17β-Estradiol and/or estrogen receptor alpha signaling blocks protein phosphatase 1 mediated ISO induced cardiac hypertrophy

• Published in: PloS one Vol. 13; no. 5; p. e0196569
• Main Authors: Fang, Hsin-Yuan, Hung, Meng-Yu, Lin, Yueh-Min, Pandey, Sudhir, Chang, Chia-Chien, Lin, Kuan-Ho, Shen, Chia-Yao, Viswanadha, Vijaya Padma, Kuo, Wei-Wen, Huang, Chih-Yang
• Format: Journal Article
• Language: English
• Published: United States Public Library of Science 01.05.2018; Public Library of Science (PLoS)

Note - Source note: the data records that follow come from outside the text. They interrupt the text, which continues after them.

Lemma DQ_first_block_noiseless s : DQ_params m n q idx s -> (idx 2 = 1%N -> s 2 = 0) ->
  0 < DQ_p m n q idx s 1 -> DQ_eps m n q sigma idx s 1 = 0 ->
  sigma 1%N = 0 /\ DQ_p m n q idx s 1 = q 1%N /\
  ((idx 2 = 2%N /\ s 2 = q 2%N) \/ (idx 2 = 1%N /\ s 2 = 0)).
Proof.
move=> par split1 p1_gt0 eps1_eq0; have two : (2 <= 2 <= n)%N by rewrite leqnn n_ge2.
have /andP[idx2_ge1 idx2_le] := idx_range par two.
have idx2_cases : [\/ idx 2 = 1%N, idx 2 = 2%N | (3 <= idx 2)%N].
  by case: (idx 2) idx2_ge1 => [|[|[|i]]]; [| constructor 1 | constructor 2 | constructor 3].
have [head_eq0 tail_eq0] : (q (idx 2) - s 2) * sigma (idx 2) = 0 /\
    forall t, (1 <= t < idx 2)%N -> qext m q t * sigma t = 0.
  apply: DQ_first_block_terms_eq0 => //; move: eps1_eq0; rewrite /DQ_eps => /eqP.
  by rewrite mulf_eq0 invr_eq0 (gt_eqF p1_gt0) orbF => /eqP.
rewrite (DQ_first_block par).1.
have q_sigma_eq0 t : (1 <= t <= m)%N -> q t * sigma t = 0 -> sigma t = 0.
  by move=> /q_gt0 qt_gt0 /eqP; rewrite mulf_eq0 gt_eqF //= => /eqP.
have q1_sigma1_eq0 : q 1%N * sigma 1%N = 0 -> sigma 1%N = 0.
  by apply: q_sigma_eq0; rewrite /= (leq_trans idx2_ge1 idx2_le).
case: idx2_cases => [idx2_eq1|idx2_eq2|idx2_ge3].
- move: head_eq0; rewrite idx2_eq1 (split1 idx2_eq1) big_geq // !subr0 addr0.
  by split; [exact: q1_sigma1_eq0 | split=> //; right].
- have m_ge2 : (2 <= m)%N by rewrite -idx2_eq2.
  have sigma1_eq0 : sigma 1%N = 0.
    by apply: q1_sigma1_eq0; move: (tail_eq0 1%N); rewrite idx2_eq2 qext_in ?(ltnW m_ge2) //; apply.
  have sigma2_gt0 : 0 < sigma 2%N by apply: sigma_gt0; rewrite leqnn.
  have s2_eq : s 2 = q 2%N.
    move: head_eq0; rewrite idx2_eq2 => /eqP.
    by rewrite mulf_eq0 (gt_eqF sigma2_gt0) orbF subr_eq0 => /eqP.
  rewrite idx2_eq2 s2_eq subrr add0r big_nat1 qext_in ?(ltnW m_ge2) //.
  by split=> //; split=> //; left.
- have two_m : (2 <= 2 <= m)%N by rewrite leqnn (leq_trans (ltnW idx2_ge3) idx2_le).
  have : 0 < q 2%N * sigma 2%N by rewrite mulr_gt0 ?q_gt0 ?sigma_gt0 //; case/andP: two_m.
  by rewrite -(qext_in (i := 2)) ?tail_eq0 ?ltxx //; case/andP: two_m.
Qed.

Lemma DQ_last_block s : DQ_params m n q idx s ->
  DQ_p m n q idx s n = s n + \sum_((idx n).+1 <= t < m.+1) qext m q t /\
  DQ_pe m n q sigma idx s n =
    s n * sigma (idx n) + \sum_((idx n).+1 <= t < m.+1) qext m q t * sigma t.
Proof.
move=> par; have nn : (2 <= n <= n)%N by rewrite leqnn n_ge2.
rewrite DQ_peE /DQ_p (iext_mid nn) (sext_mid s nn) iext_last ?sext_last ?qext_out //; last lia.
by rewrite subrr mul0r !addr0.
Qed.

• Subjects: 17β-Estradiol; Activation; Adenosine triphosphatase; Animals; Apoptosis; Biology and Life Sciences; Ca2+-transporting ATPase; Calcium; Calcium (reticular); Calcium - metabolism; Calcium ions; Cardiac function; Cardiac muscle; Cardiomegaly - chemically induced; Cardiomegaly - metabolism; Cardiomegaly - prevention & control; Cardiomyocytes; Cell Enlargement - drug effects; Cell Line; Cell size; Estradiol - metabolism; Estradiol - pharmacology; Estrogen Receptor alpha - antagonists & inhibitors; Estrogen Receptor alpha - metabolism; Estrogen receptors; Estrogens; Gene expression; Heart; Heart failure; Hormone replacement therapy; Hospitals; Hypertrophy; Inhibitors; Isoproterenol; Isoproterenol - toxicity; Medical research; Medicine and Health Sciences; Melatonin; Models, Cardiovascular; Molecular modelling; Musculoskeletal system; Myocytes, Cardiac - drug effects; Myocytes, Cardiac - metabolism; Myocytes, Cardiac - pathology; Phosphatase; Phospholamban; Phosphoprotein phosphatase; Phosphorylation; Protein phosphatase; Protein Phosphatase 1 - metabolism; Proteins; Rats; Research and Analysis Methods; Rodents; Sarcoplasmic reticulum; Serine; Sex hormones; Signal transduction; Signal Transduction - drug effects; Signaling; Stem cells; Thoracic surgery; Threonine; United States > US; China; Missouri; Taiwan
• ISSN: 1932-6203; 1932-6203
• DOI: 10.1371/journal.pone.0196569

Earlier studies have shown that estrogen possess protective function against the development of pathological cardiac hypertrophy. However, the molecular mechanisms of estrogens (E2) protective effect are poorly understood. Additionally, abnormal activation of β-adrenergic signaling have been implicated in the development of pathological cardiac remodeling. However, the role of serine/threonine protein phosphatase 1 (PP1) in pathological cardiac remodeling under the influence of β-adrenergic signaling have been sparsely investigated. In this study, we assessed the downstream effects of abnormal activation of PP1 upon isoproterenol (ISO) induced pathological cardiac changes. We found that pre-treatment of 17β-estradiol (E2), tet-on estrogen receptor-α, or both significantly inhibited ISO-induced increase in cell size, hypertrophy marker gene expression and cytosolic calcium accumulation in H9c2 cells. Additionally, treatment with estrogen receptor inhibitor (ICI) reversed those effects, implicating role of E2 in inhibiting pathological cardiac remodeling. However, specific inhibition of ERα using melatonin, reduced ISO-induced PP1c expression and enhanced the level of ser-16 phosphorylated phospholamban (PLB), responsible for regulation of sarcoplasmic reticulum Ca2+-ATPase (SERCA) activity. Furthermore, hypertrophic effect caused by overexpression of PP1cα was reduced by treatment with specific inhibitor of ERα. Collectively, we found that estrogen and estrogen receptor-α have protective effect against pathological cardiac changes by suppressing PP1 expression and its downstream signaling pathway, which further needs to be elucidated.